I looked at my younger siblings, they were also smoking with a sickly naturalness, I analyzed their faces, I couldn't believe they were real. How could I prove that it wasn't a dream? I looked at my grandfather again when I heard him speaking to my father and shamelessly ignoring my presence.
"This is worse than garbage, it's crap!" he spat and took a drag, looking at me for a second with boredom. They leave and abandon the family, then they come back expecting us to offer them a place to stay.
stay, they just use us. Do you think she remembers you, René? Please, he doesn't even remember me, who raised him all his life!
"How can you be so shameless?" I murmured in pain, looking at him.

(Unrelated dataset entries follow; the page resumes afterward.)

Lemma in_bases_support_up {F b i m} : is_hom F -> in_bases F b i m != 0 ->
  forall b', Ble b b' -> IB (idxB b m) b' -> IA (idxA b i) b'.
Proof.
move=> /is_hom_in_bases homF nz b' hb IBb'; apply: NNPP => notIA.
have [m' em'] := barcode_idxP bB IBb'.
have lhs : (barcode_mx idxA b b' *m in_bases F b') i m' = 0.
  apply: relmx_mul_entry0 => i' eq_i'; apply: notIA; rewrite eq_i'.
  exact: barcode_idx_mem bA b' i'.
have rhs : (in_bases F b *m barcode_mx idxB b b') i m' = in_bases F b i m.
  apply: mul_relmx_entry => [|j ej]; first by rewrite em'.
  by apply: (barcode_idx_inj bB); rewrite ej em'.
by move: nz; rewrite -rhs -homF // lhs eqxx.
Qed.

Lemma in_bases_support_down {F b i m} : is_hom F -> in_bases F b i m != 0 ->
  forall b'', Ble b'' b -> IA (idxA b i) b'' -> IB (idxB b m) b''.
Proof.
move=> /is_hom_in_bases homF nz b'' hb IAb''; apply: NNPP => notIB.
have [i0 ei0] := barcode_idxP bA IAb''.
have lhs : (barcode_mx idxA b'' b *m in_bases F b) i0 m = in_bases F b i m.
  apply: relmx_mul_entry => [|j ej]; first by rewrite ei0.
  by apply: (barcode_idx_inj bA); rewrite -ej ei0.
have rhs : (in_bases F b'' *m barcode_mx idxB b'' b) i0 m = 0.
  apply: mul_relmx_entry0 => m'' eq_m''; apply: notIB; rewrite -eq_m''.
  exact: barcode_idx_mem bB b'' m''.
by move: nz; rewrite -lhs homF // rhs eqxx.
Qed.

End HomsInBarcodeBases.

Arguments in_bases {k A B} QA QB F b.
Arguments of_bases {k A B} QA QB M b.

Definition pure_of_type {k : fieldType} (X : itype) (A : pmod k) : Prop :=
  exists (J : Type) (I : J -> Bpt -> Prop),
    has_barcode A I /\ forall j, of_type X (I j).

Definition roundtrips_vanish {k : fieldType} (A B : pmod k) (e : R) : Prop :=
  forall (f : forall b, 'M[k]_(pdim A b, pdim B (Lam e b)))
         (g : forall b, 'M[k]_(pdim B b, pdim A (Lam e b))),
    is_hom (W := shift B e) f -> is_hom (W := shift A e) g ->
    forall b, f b *m g (Lam e b) = 0.

Lemma roundtrips_vanish_of_types {k : fieldType} {X Y} {A B : pmod k} e :
  X != Y -> pure_of_type X A -> pure_of_type Y B -> roundtrips_vanish A B e.
Proof.
move=> neqXY [JA [IA [[intA [idxA [QA bA]]] TA]]] [JB [IB [[intB [idxB [QB bB]]] TB]]].
move=> f g homf homg b.
have bA' := barcode_basis_shift e bA; have bB' := barcode_basis_shift e bB.
pose Fm := in_bases (B := shift B e) QA (fun b => QB (Lam e b)) f.
pose Gm := in_bases (B := shift A e) QB (fun b => QA (Lam e b)) g.
have FGm0 : Fm b *m Gm (Lam e b) = 0.
  apply/matrixP => i i2; rewrite !mxE big1 // => m _.
  have [->|Fnz] := eqVneq (Fm b i m) 0; first by rewrite mul0r.
  have [->|Gnz] := eqVneq (Gm (Lam e b) m i2) 0; first by rewrite mulr0.
  case/eqP: neqXY.
  apply: (@roundtrip_type_eq _ _ (IA (idxA b i)) (IB (idxB (Lam e b) m))
            (IA (idxA (Lam e (Lam e b)) i2)) b e (intA _) (intB _) (intA _)
            (TA _) (TB _) (TA _) (barcode_idx_mem bA b i)
            (barcode_idx_mem bB (Lam e b) m)).
  - by apply: (in_bases_support_down bA bB' homf Fnz Ninf I).
  - by apply: (in_bases_support_down bB bA' homg Gnz Ninf I).
  - by apply: (in_bases_support_up bB bA' homg Gnz Pinf (Ble_Pinf _)).
  - by apply: (in_bases_support_up bA bB' homf Fnz Pinf (Ble_Pinf _)).
have uA := barcode_unitmx bA.
apply: (mulmx_conj_inj (uA b) (uA (Lam e (Lam e b)))).
by rewrite mulmx0 mul0mx -FGm0 /Fm /Gm /in_bases !mulmxA mulmxKV ?(barcode_unitmx bB).
Qed.

Section Homs.
Context {k : fieldType}.

Lemma is_hom_mul {A B C : pmod k} (f : forall b, 'M[k]_(pdim A b, pdim B b))
    (g : forall b, 'M[k]_(pdim B b, pdim C b)) :
  is_hom f -> is_hom g -> is_hom (fun b => f b *m g b).
Proof. by move=> hf hg b b' hb; rewrite mulmxA hf // -!mulmxA hg. Qed.

Lemma is_hom_shift {A B : pmod k} e (f : forall b, 'M[k]_(pdim A b, pdim B b)) :
  is_hom f -> is_hom (V := shift A e) (W := shift B e) (fun b => f (Lam e b)).
Proof. by move=> hf b b' hb; apply: hf; apply: Lam_mono. Qed.

Lemma is_hom_sum {A B : pmod k} {T : finType}
    (f : T -> forall b, 'M[k]_(pdim A b, pdim B b)) :
  (forall t, is_hom (f t)) -> is_hom (fun b => \sum_t f t b).
Proof.
by move=> hf b b' hb; rewrite mulmx_sumr mulmx_suml; apply: eq_bigr => t _; apply: hf.
Qed.

End Homs.

Definition is_interleaving {k : fieldType} (A B : pmod k) (e : R)
    (alpha : forall b, 'M[k]_(pdim A b, pdim B (Lam e b)))
    (beta : forall b, 'M[k]_(pdim B b, pdim A (Lam e b))) : Prop :=
  is_hom (W := shift B e) alpha /\ is_hom (W := shift A e) beta /\
  (forall b, alpha b *m beta (Lam e b) = pmap A b (Lam e (Lam e b))) /\
  (forall b, beta b *m alpha (Lam e b) = pmap B b (Lam e (Lam e b))).

Record biproduct {k : fieldType} {T : finType} (V : pmod k) (VX : T -> pmod k) := Biproduct {
  bp_inj : forall X b, 'M[k]_(pdim (VX X) b, pdim V b);
  bp_proj : forall X b, 'M[k]_(pdim V b, pdim (VX X) b);
  bp_inj_hom : forall X, is_hom (bp_inj X);
  bp_proj_hom : forall X, is_hom (bp_proj X);
  bp_injK : forall X b, bp_inj X b *m bp_proj X b = 1%:M;
  bp_inj_proj0 : forall X Y b, X != Y -> bp_inj X b *m bp_proj Y b = 0;
  bp_sum : forall b, \sum_X bp_proj X b *m bp_inj X b = 1%:M
}.

Arguments bp_inj {k T V VX}.
Arguments bp_proj {k T V VX}.
Arguments bp_inj_hom {k T V VX}.
Arguments bp_proj_hom {k T V VX}.
Arguments bp_injK {k T V VX}.
Arguments bp_inj_proj0 {k T V VX}.
Arguments bp_sum {k T V VX}.

Section BiproductMaps.
Context {k : fieldType} {T : finType} {V : pmod k} {VX : T -> pmod k}.
Variable bp : biproduct V VX.

Lemma bp_pmap_component X b b' : Ble b b' ->
  bp_inj bp X b *m pmap V b b' *m bp_proj bp X b' = pmap (VX X) b b'.
Proof. by move=> hb; rewrite -(bp_inj_hom bp X b b' hb) -mulmxA bp_injK mulmx1. Qed.

Lemma bp_pmap_sum b b' : Ble b b' ->
  \sum_X bp_proj bp X b *m pmap (VX X) b b' *m bp_inj bp X b' = pmap V b b'.
Proof.
move=> hb; rewrite (eq_bigr (fun X => bp_proj bp X b *m bp_inj bp X b *m pmap V b b')).
  by rewrite -mulmx_suml bp_sum mul1mx.
by move=> X _; rewrite -mulmxA bp_inj_hom // mulmxA.
Qed.

End BiproductMaps.

Section Components.
Context {k : fieldType} {T : finType} {A B : pmod k} {AX BX : T -> pmod k}.
Variables (bpA : biproduct A AX) (bpB : biproduct B BX) (e : R).

Definition component X Y (f : forall b, 'M[k]_(pdim A b, pdim B (Lam e b))) b :
    'M[k]_(pdim (AX X) b, pdim (BX Y) (Lam e b)) :=
  bp_inj bpA X b *m f b *m bp_proj bpB Y (Lam e b).

Definition assemble (f : forall X b, 'M[k]_(pdim (AX X) b, pdim (BX X) (Lam e b))) b :
    'M[k]_(pdim A b, pdim B (Lam e b)) :=
  \sum_X bp_proj bpA X b *m f X b *m bp_inj bpB X (Lam e b).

I wanted to approach him, but an internal rage stopped me and I left the room, not getting very far because that man's heavy footsteps echoed torturously in my ears. I remember that I didn't usually run away from him because I feared being caught and that the punishment would be even worse; obedience used to guaranty me some protection, but it only alleviated the inevitable. Courage can be seen in different ways, running even tho you know you will be caught or hoping that you won't be; now I had escaped to be chased and face the greatest terror, the hatred of the family. I turned to find my father, as mentioned earlier, his name was René and he used to be kinder to me, but like everything else at that moment, he also acted differently. I immediately looked at his hand when he started to raise it to point a gun at me, and something inside me froze, it couldn't be happening. I looked into his eyes and knew it wasn't him, his gaze seemed as sick as a zombie. I slowly raised my hands so as not to startle him, although I thot I knew my father, something in my heart was not surprised to see him pointing a gun at me. Yes, he was kind to me, but I had no doubt he was capable of shooting me. The thot altered something that was already evident in my mind; I had always accepted my dad and never cared about what he did. He was completely free from his forgotten firstborn because I didn't despise him; perhaps the permissiveness hit me back at that moment.
"Go ahead, shoot," I finally said. I felt the coldness of the gun's tip resting dangerously on the skin of my forehead. Why does my hope in them continue to fight against me? Why do I have faith that it won't happen and take the risk? I didn't see any change in his face, but mine froze for a second when the bullet was fired. I heard the body fall to the ground, but I could see it in the same place without any alteration. He watched the body collapse and no longer looked at me. I am dead.